HSBC has recorded better than expected first quarter profits with growth in lending in the UK increasing in spite of uncertainty about Brexit.

The banking giant increased profits to $6.21 billion (£4.7bn) before tax compared with $4.76bn last time and analysts’ forecasts of around $5.6bn.

The growth was powered by the retail banking and wealth management arm which increased profits by around 20%, to $2.2bn from $1.9bn.

HSBC said the division generated a “significant increase” in revenue on the back of higher lending and deposit balances, particularly in the UK and Hong Kong.

In a presentation to analysts HSBC said UK lending grew by a notable $3.5bn. It cited growth in mortgage balances and increased lending to corporate clients within HSBC UK.

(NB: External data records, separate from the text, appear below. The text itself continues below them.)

Lemma cover_of_swap_linear p q : cover_of_swap p q ->
  mdeg (mlcm (cover_mnm p) (cover_mnm q) - cover_mnm p) = 1%N /\
  mdeg (mlcm (cover_mnm p) (cover_mnm q) - cover_mnm q) = 1%N.
Proof.
move=> /eqP pq1; rewrite {2}mlcmC !mlcm_mnm_of_setB !mdeg_mnm_of_set pq1.
by rewrite (mvc_cardD E_unmixed (cover_ofP q) (cover_ofP p)) pq1.
Qed.

Hypothesis E_C4_free : ~ has_induced_C4 E.

Lemma cover_mnm_connected mu p q : (cover_mnm p <= mu)%MM -> (cover_mnm q <= mu)%MM ->
  connect (divisor_edge cover_mnm cover_of_swap mu) p q.
Proof.
rewrite !lem_mnm_of_set => sub_p sub_q.
have p_in := enum_valP p.
rewrite -[p](enum_valK_in p_in) -[q](enum_valK_in p_in).
apply: (homo_connect (e := cover_swap E [set i | 0 < mu i]%N)).
  move=> C D /and5P [mvcC mvcD sCU sDU CD1].
  rewrite /divisor_edge /cover_of_swap /cover_mnm /= !lem_mnm_of_set /cover_of.
  by rewrite !enum_rankK_in ?inE // CD1 sCU sDU.
exact: (cover_swap_connect E_simple E_unmixed E_C4_free (cover_ofP p) (cover_ofP q) sub_p sub_q).
Qed.

End CoverIdeal.

Theorem theorem5p13 (K : fieldType) (s : nat) (E : rel 'I_s) :
  simple_graph E -> unmixed E -> ~ has_induced_C4 E ->
  linearly_presented (cover_ideal K E).
Proof.
move=> E_simple E_unmixed E_C4_free.
exists #|min_covers E|, (@cover_mnm s E); split.
- exact: cover_ideal_genE.
- move=> i; apply: mpolyX_notin_ideal => j ji.
  by apply: contra ji => /cover_mnm_le ->.
- by move=> i j; rewrite /cover_mnm !mdeg_mnm_of_set; apply: E_unmixed; apply: cover_ofP.
- apply: linear_syzygy_basis.
    exact: cover_mnm_connected.
  exact: cover_of_swap_linear.
Qed.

The bank has 10 branches in Scotland and extensive investment administration operations.

Profits in the investment banking arm were flat at $1.64bn.

However, in geographic terms growth was strongest in the key Asian division, which made $5bn profit against $4.8bn last time.

The European business cut losses to $14m from $18m. The North arm made $379m profit after losing $596m last time.

Describing the results as encouraging, chief executive John Flint said the bank’s remains focused on executing the strategy outlined in June. The bank said then it aimed to accelerate growth in areas of strength, in particular in Asia and from its international network.

Mr Flint added yesterday: “At the same time, we remain alert to risks in the global economy. We are proactively managing costs and investment in line with this more uncertain outlook, and will continue to do so.”

The first quarter results were the first released by the bank since Ewen Stevenson became chief financial officer in January, after holding the same role at Royal Bank of Scotland.